▶ _Work order_
Beginning at the line containing "last by move=>" in the material below and ending at the line containing "rewrite -(hmu v s).2; apply: ler_sum => a _.", return each line exactly and add nothing.
---------- Data
Section FiniteMeasure.
Variables (R : realFieldType) (T : finType) (p : T -> R).
Hypothesis p_ge0 : forall x, 0 <= p x.

Lemma markov_fin (W : T -> R) (E : pred T) (c : R) :
  (forall x, 0 <= W x) -> (forall x, E x -> c <= W x) ->
  c * \sum_(x | E x) p x <= \sum_x p x * W x.
Proof.
move=> W_ge0 EW; rewrite big_mkcond mulr_sumr; apply: ler_sum => x _.
case: ifP => [/EW cW|_]; last by rewrite mulr0 mulr_ge0.
by rewrite mulrC ler_wpM2l.
Qed.

Lemma union_bound_fin (I : finType) (E : pred T) (B : I -> pred T) :
  (forall x, E x -> exists i, B i x) ->
  \sum_(x | E x) p x <= \sum_i \sum_(x | B i x) p x.
Proof.
move=> EB; under [leRHS]eq_bigr => i _ do rewrite big_mkcond.
rewrite exchange_big big_mkcond; apply: ler_sum => x _ /=.
have cond_ge0 (b : bool) : 0 <= (if b then p x else 0) by case: b.
case: ifP => [/EB [i Bix]|_]; last exact: sumr_ge0.
by rewrite (bigD1 i) //= Bix lerDl sumr_ge0.
Qed.

End FiniteMeasure.

Section ExtendFfun.
Variables (T : Type) (m : nat).

Definition rcons_ffun (g : {ffun 'I_m -> T}) (x : T) : {ffun 'I_m.+1 -> T} :=
  [ffun i => if unlift ord_max i is Some j then g j else x].

Lemma rcons_ffun_max g x : rcons_ffun g x ord_max = x.
Proof. by rewrite ffunE unlift_none. Qed.

Lemma rcons_ffun_val g x (i : 'I_m.+1) (j : 'I_m) : i = j :> nat -> rcons_ffun g x i = g j.
Proof.
move=> ij; have -> : i = lift ord_max j by apply: ord_inj; rewrite lift_max.
by rewrite ffunE liftK.
Qed.

End ExtendFfun.

Lemma sum_rcons_ffun (R : nmodType) (T : finType) m (F : {ffun 'I_m.+1 -> T} -> R) :
  \sum_f F f = \sum_(g : {ffun 'I_m -> T}) \sum_x F (rcons_ffun g x).
Proof.
rewrite pair_big /= (reindex (fun gx => rcons_ffun gx.1 gx.2)) //.
exists (fun f : {ffun 'I_m.+1 -> T} => ([ffun j => f (lift ord_max j)], f ord_max)).
  move=> [g x] _ /=; rewrite rcons_ffun_max; congr (_, _).
  by apply/ffunP => j; rewrite ffunE (rcons_ffun_val _ _ (lift_max j)).
move=> f _; apply/ffunP => i; rewrite ffunE.
by case: unliftP => [j ->|->]; rewrite ?ffunE.
Qed.

Section PathWeight.
Variables (R : comPzSemiRingType) (S A : finType).

Definition rcons_traj n (e : traj S A n) (a : A) (s' : S) : traj S A n.+1 :=
  (rcons_ffun e.1 s', rcons_ffun e.2 a).

Lemma sum_rcons_traj n (F : traj S A n.+1 -> R) :
  \sum_e F e = \sum_(e : traj S A n) \sum_a \sum_s' F (rcons_traj e a s').
Proof.
rewrite (eq_bigr (fun e => F (e.1, e.2))); last by case.
rewrite -(pair_bigA _ (fun x y => F (x, y))) /= sum_rcons_ffun.
transitivity (\sum_g1 \sum_s' \sum_g2 \sum_a F (rcons_ffun g1 s', rcons_ffun g2 a)).
  by apply: eq_bigr => g1 _; apply: eq_bigr => s' _; rewrite sum_rcons_ffun.
rewrite -(pair_bigA _ (fun g1 g2 => \sum_a \sum_s' F (rcons_traj (g1, g2) a s'))) /=.
by apply: eq_bigr => g1 _; rewrite exchange_big; apply: eq_bigr => g2 _; rewrite exchange_big.
Qed.

Section RconsTraj.
Variables (n : nat) (e : traj S A n) (a : A) (s' : S).

Lemma st_rcons_traj (v : 'I_n) : st (rcons_traj e a s') (widen_ord (leqnSn n) v) = st e v.
Proof. exact: rcons_ffun_val. Qed.

Lemma act_rcons_traj (v : 'I_n) : act (rcons_traj e a s') (widen_ord (leqnSn n) v) = act e v.
Proof. exact: rcons_ffun_val. Qed.

Lemma nst_rcons_traj (v : 'I_n) : nst (rcons_traj e a s') (widen_ord (leqnSn n) v) = nst e v.
Proof. exact: rcons_ffun_val. Qed.

Lemma st_rcons_traj_max : st (rcons_traj e a s') ord_max = e.1 ord_max.
Proof. exact: rcons_ffun_val. Qed.

Lemma act_rcons_traj_max : act (rcons_traj e a s') ord_max = a.
Proof. exact: rcons_ffun_max. Qed.

Lemma nst_rcons_traj_max : nst (rcons_traj e a s') ord_max = s'.
Proof.
by rewrite /nst (_ : lift ord0 ord_max = ord_max) ?rcons_ffun_max //; apply: val_inj.
Qed.

Lemma rcons_traj_ord0 : (rcons_traj e a s').1 ord0 = e.1 ord0.
Proof. exact: rcons_ffun_val. Qed.

End RconsTraj.

Definition path_weight n (d : S -> R) (K : 'I_n -> S -> A -> S -> R) (e : traj S A n) :=
  d (e.1 ord0) * \prod_(v < n) K v (st e v) (act e v) (nst e v).

Lemma sum_path_weightS n d (K : 'I_n.+1 -> S -> A -> S -> R) :
  \sum_e path_weight d K e =
  \sum_(e : traj S A n) path_weight d (fun v => K (widen_ord (leqnSn n) v)) e *
                        \sum_a \sum_s' K ord_max (e.1 ord_max) a s'.
Proof.
rewrite sum_rcons_traj; apply: eq_bigr => e _.
rewrite mulr_sumr; apply: eq_bigr => a _; rewrite mulr_sumr; apply: eq_bigr => s' _.
rewrite /path_weight big_ord_recr rcons_traj_ord0 st_rcons_traj_max act_rcons_traj_max.
rewrite nst_rcons_traj_max -mulrA; congr (_ * (_ * _)); apply: eq_bigr => v _.
by rewrite st_rcons_traj act_rcons_traj nst_rcons_traj.
Qed.

Lemma sum_path_weight0 d (K : 'I_0 -> S -> A -> S -> R) :
  \sum_e path_weight d K e = \sum_s d s.
Proof.
have sum_ffun0 (T : finType) (c : R) : \sum_(f : {ffun 'I_0 -> T}) c = c.
  by rewrite sumr_const card_ffun card_ord expn0.
rewrite (eq_bigr (fun e : traj S A 0 => d (e.1 ord0))) => [|e _];
  last by rewrite /path_weight big_ord0 mulr1.
rewrite -(pair_bigA _ (fun (x : {ffun 'I_1 -> S}) (_ : {ffun 'I_0 -> A}) => d (x ord0))) /=.
rewrite (eq_bigr (fun x : {ffun 'I_1 -> S} => d (x ord0))) => [|x _]; last exact: sum_ffun0.
rewrite sum_rcons_ffun -[RHS](sum_ffun0 S); apply: eq_bigr => g _.
by apply: eq_bigr => x _; rewrite (_ : ord0 = ord_max) ?rcons_ffun_max //; apply: val_inj.
Qed.

Lemma sum_path_weight n d (K : 'I_n -> S -> A -> S -> R) :
  (forall v s, \sum_a \sum_s' K v s a s' = 1) -> \sum_e path_weight d K e = \sum_s d s.
Proof.
elim: n K => [|n IHn] K K1; first exact: sum_path_weight0.
rewrite sum_path_weightS -(IHn (fun v => K (widen_ord (leqnSn n) v))) => [|v s]; last exact: K1.
by apply: eq_bigr => e _; rewrite K1 mulr1.
Qed.

End PathWeight.

Lemma sum_path_weight_le (R : numDomainType) (S A : finType) n (d : S -> R)
    (K : 'I_n -> S -> A -> S -> R) :
  (forall s, 0 <= d s) -> (forall v s a s', 0 <= K v s a s') ->
  (forall v s, \sum_a \sum_s' K v s a s' <= 1) ->
  \sum_e path_weight d K e <= \sum_s d s.
Proof.
elim: n K => [|n IHn] K d_ge0 K_ge0 K_le1; first by rewrite sum_path_weight0.
rewrite sum_path_weightS.
apply: le_trans (IHn _ d_ge0 (fun v => K_ge0 _) (fun v => K_le1 _)).
apply: ler_sum => e _; apply: ler_piMr; last exact: K_le1.
by rewrite mulr_ge0 ?prodr_ge0.
Qed.

Section EpisodeLaw.
Variables (R : realType) (S A : finType) (H : nat).
Variables (d1 : S -> R) (mu : 'I_H -> S -> A -> R) (P : S -> A -> S -> R).
Hypotheses (hd1 : is_dist d1) (hmu : forall v s, is_dist (mu v s)).
Hypothesis hP : forall s a, is_dist (P s a).

Local Notation ep_prob := (ep_prob d1 mu P).
Local Notation data_prob := (data_prob d1 mu P).

Lemma ep_prob_ge0 e : 0 <= ep_prob e.
Proof.
rewrite mulr_ge0 ?hd1.1 //; apply: prodr_ge0 => v _.
by rewrite mulr_ge0 ?(hmu _ _).1 ?(hP _ _).1.
Qed.

Lemma sum_ep_prob : \sum_e ep_prob e = 1.
Proof.
rewrite (sum_path_weight _ (K := fun v s a s' => mu v s a * P s a s')) ?hd1.2 // => v s.
under eq_bigr => a _ do rewrite -mulr_sumr (hP s a).2 mulr1.
exact: (hmu v s).2.
Qed.

Lemma ep_expect_prod_le1 (y : S -> A -> S -> R) :
  (forall s a s', 0 <= y s a s') -> (forall s a, \sum_s' P s a s' * y s a s' <= 1) ->
  \sum_e ep_prob e * \prod_(v < H) y (st e v) (act e v) (nst e v) <= 1.
Proof.
move=> y_ge0 Py_le1.
rewrite (eq_bigr (path_weight d1 (fun v s a s' => mu v s a * P s a s' * y s a s')));
  last by move=> e _; rewrite /Defs.ep_prob /path_weight -mulrA -big_split.
rewrite -[leRHS]hd1.2.
apply: sum_path_weight_le => [s|v s a s'|v s]; first exact: hd1.1.
  by rewrite !mulr_ge0 ?(hmu _ _).1 ?(hP _ _).1.
rewrite -(hmu v s).2; apply: ler_sum => a _.
under eq_bigr => s' _ do rewrite -mulrA.
by rewrite -mulr_sumr ler_piMr ?(hmu _ _).1.
Qed.

Variable l : nat.

Lemma data_prob_ge0 (D : {ffun 'I_l -> traj S A H}) : 0 <= data_prob D.
Proof. by apply: prodr_ge0 => j _; exact: ep_prob_ge0. Qed.

Lemma sum_data_prob : \sum_(D : {ffun 'I_l -> traj S A H}) data_prob D = 1.
Proof.
rewrite /Defs.data_prob -(bigA_distr_bigA (fun _ e => ep_prob e)) /=.
by rewrite big1 // => j _; exact: sum_ep_prob.
Qed.

Lemma data_expect_prod_le1 (Y : traj S A H -> R) :
  (forall e, 0 <= Y e) -> \sum_e ep_prob e * Y e <= 1 ->
  \sum_(D : {ffun 'I_l -> traj S A H}) data_prob D * \prod_(j < l) Y (D j) <= 1.
Proof.
move=> Y_ge0 EY_le1.
under eq_bigr => D _ do rewrite -big_split /=.
rewrite -(bigA_distr_bigA (fun _ e => ep_prob e * Y e)) /=.
by apply: prodr_ile1 => j _; rewrite EY_le1 sumr_ge0 // => e _; rewrite mulr_ge0 ?ep_prob_ge0.
Qed.

End EpisodeLaw.

Lemma chernoff_exponent (R : rcfType) (L k u N z : R) :
  0 < u -> 0 <= L -> 0 < k -> k <= 2 * N -> N * (4 * u * Num.sqrt (L / k)) <= z ->
  L <= Num.sqrt (L / k) / u * z - (Num.sqrt (L / k) / u) ^+ 2 * (2 * u ^+ 2) * N.
Proof.
move=> u_gt0 L_ge0 k_gt0 k_le2N Nz.
set r := Num.sqrt (L / k).
have r2 : r ^+ 2 = L / k by rewrite sqr_sqrtr // divr_ge0 // ltW.
have lin : 4 * N * r ^+ 2 <= r / u * z.
  have -> : 4 * N * r ^+ 2 = r / u * (N * (4 * u * r)) by field; rewrite gt_eqF.
  by rewrite ler_wpM2l // divr_ge0 ?sqrtr_ge0 // ltW.
have quad : (r / u) ^+ 2 * (2 * u ^+ 2) * N = 2 * N * r ^+ 2 by field; rewrite gt_eqF.
have L_le : L <= 2 * N * r ^+ 2.
  rewrite r2 mulrA ler_pdivlMr // mulrC ler_wpM2r //.
rewrite quad; lra.
Qed.

Section Concentration.
Variables (R : realType) (S A : finType) (H : nat).
Variables (d1 : S -> R) (mu : 'I_H -> S -> A -> R) (P : S -> A -> S -> R).
Hypotheses (hd1 : is_dist d1) (hmu : forall v s, is_dist (mu v s)).
Hypothesis hP : forall s a, is_dist (P s a).
Variables (V Vin : S -> R) (u delta : R) (l : nat).
Hypotheses (u_gt0 : 0 < u) (delta_gt0 : 0 < delta) (delta_lt1 : delta < 1).
Hypothesis hV : forall s, `|V s - Vin s| <= 2 * u.
Hypothesis H_gt0 : (0 < H)%N.

Local Notation data_prob := (data_prob d1 mu P).
Local Notation dsum := (dsum d1 mu P).
Local Notation PV := (PV P V Vin).
Local Notation fbonus := (fbonus d1 mu P u delta l).

Lemma mgf_increment_le1 (s : S) (a : A) (sigma lambda : R) : `|sigma| <= 1 ->
  \sum_s' P s a s' * expR (lambda * (sigma * (V s' - Vin s' - PV s a)) - lambda ^+ 2 * (2 * u ^+ 2))
  <= 1.
Proof.
move=> sigma_le1.
have Zb s' : `|sigma * (V s' - Vin s')| <= 2 * u.
  by rewrite normrM -[leRHS]mul1r ler_pM ?normr_ge0.
have two_u_gt0 : 0 < 2 * u by rewrite mulr_gt0.
have := hoeffding_lemma lambda (hP s a).1 (hP s a).2 two_u_gt0 Zb.
have -> : \sum_y P s a y * (sigma * (V y - Vin y)) = sigma * PV s a.
  by rewrite /Defs.PV mulr_sumr; apply: eq_bigr => y _; ring.
set c := lambda ^+ 2 * (2 * u ^+ 2) => hoeffding.
have -> : \sum_s' P s a s' * expR (lambda * (sigma * (V s' - Vin s' - PV s a)) - c) =
    (\sum_s' P s a s' * expR (lambda * (sigma * (V s' - Vin s') - sigma * PV s a))) * expR (- c).
  by rewrite big_distrl /=; apply: eq_bigr => s' _; rewrite -mulrA -expRD; congr (_ * expR _); ring.
apply: le_trans (ler_wpM2r (expR_ge0 _) hoeffding) _.
by rewrite -expRD /c (_ : _ + _ = 0) ?expR0 //; field.
Qed.

Local Notation Dt := {ffun 'I_l -> traj S A H}.

Definition incr_sum (D : Dt) (s : S) (a : A) : R :=
  \sum_(j < l) \sum_(v < H)
    (V (nst (D j) v) - Vin (nst (D j) v)) * ((st (D j) v == s) && (act (D j) v == a))%:R.

Definition deviates (s : S) (a : A) (b : bool) (D : Dt) : bool :=
  (2^-1 * l%:R * dsum s a < (ncount D s a)%:R) &&
  ((ncount D s a)%:R * fbonus s a <
     (-1) ^+ b * (incr_sum D s a - (ncount D s a)%:R * PV s a)).

Definition score_step (s : S) (a : A) (lambda sigma : R) (s0 : S) (a0 : A) (s1 : S) : R :=
  (lambda * (sigma * (V s1 - Vin s1 - PV s a)) - lambda ^+ 2 * (2 * u ^+ 2)) *
  ((s0 == s) && (a0 == a))%:R.

Lemma sum_score_step s a lambda sigma (D : Dt) :
  \sum_(j < l) \sum_(v < H) score_step s a lambda sigma (st (D j) v) (act (D j) v) (nst (D j) v) =
  lambda * (sigma * (incr_sum D s a - (ncount D s a)%:R * PV s a)) -
  lambda ^+ 2 * (2 * u ^+ 2) * (ncount D s a)%:R.
Proof.
rewrite /score_step; move: (PV s a) (lambda ^+ 2 * (2 * u ^+ 2)) => m c.
set N := (ncount D s a)%:R.
have -> : lambda * (sigma * (incr_sum D s a - N * m)) - c * N =
  lambda * sigma * incr_sum D s a - (lambda * sigma * m + c) * N by ring.
rewrite /N /incr_sum /ncount natr_sum !mulr_sumr -sumrB; apply: eq_bigr => j _.
rewrite natr_sum !mulr_sumr -sumrB; apply: eq_bigr => v _; ring.
Qed.

Lemma expR_score_expect_le1 s a lambda sigma : `|sigma| <= 1 ->
  \sum_(D : Dt) data_prob D * \prod_(j < l) \prod_(v < H)
    expR (score_step s a lambda sigma (st (D j) v) (act (D j) v) (nst (D j) v)) <= 1.
Proof.
move=> sigma_le1.
apply: (@data_expect_prod_le1 _ _ _ _ _ _ _ hd1 hmu hP l
  (fun e => \prod_(v < H) expR (score_step s a lambda sigma (st e v) (act e v) (nst e v))))
  => [e|].
  by apply: prodr_ge0 => v _; exact: expR_ge0.
apply: (ep_expect_prod_le1 hd1 hmu hP (y := fun s0 a0 s1 =>
  expR (score_step s a lambda sigma s0 a0 s1))) => [s0 a0 s1|s0 a0]; first exact: expR_ge0.
rewrite /score_step; have [/andP[/eqP -> /eqP ->]|_] := boolP ((s0 == s) && (a0 == a)).
  by under eq_bigr do rewrite mulr1; exact: mgf_increment_le1.
by under eq_bigr do rewrite mulr0 expR0 mulr1; rewrite (hP _ _).2.
Qed.

Let twoHSA : R := 2 * H%:R * #|S|%:R * #|A|%:R.

Let twoHSA_ge1 (s : S) (a : A) : 1 <= twoHSA.
Proof.
rewrite /twoHSA -[2]/(2%:R) -!natrM ler1n !muln_gt0 H_gt0.
by apply/andP; split; apply/card_gt0P; [exists s | exists a].
Qed.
--------------------
▶ _Answer to the problem_
  last by move=> e _; rewrite /Defs.ep_prob /path_weight -mulrA -big_split.
rewrite -[leRHS]hd1.2.
apply: sum_path_weight_le => [s|v s a s'|v s]; first exact: hd1.1.
  by rewrite !mulr_ge0 ?(hmu _ _).1 ?(hP _ _).1.
rewrite -(hmu v s).2; apply: ler_sum => a _.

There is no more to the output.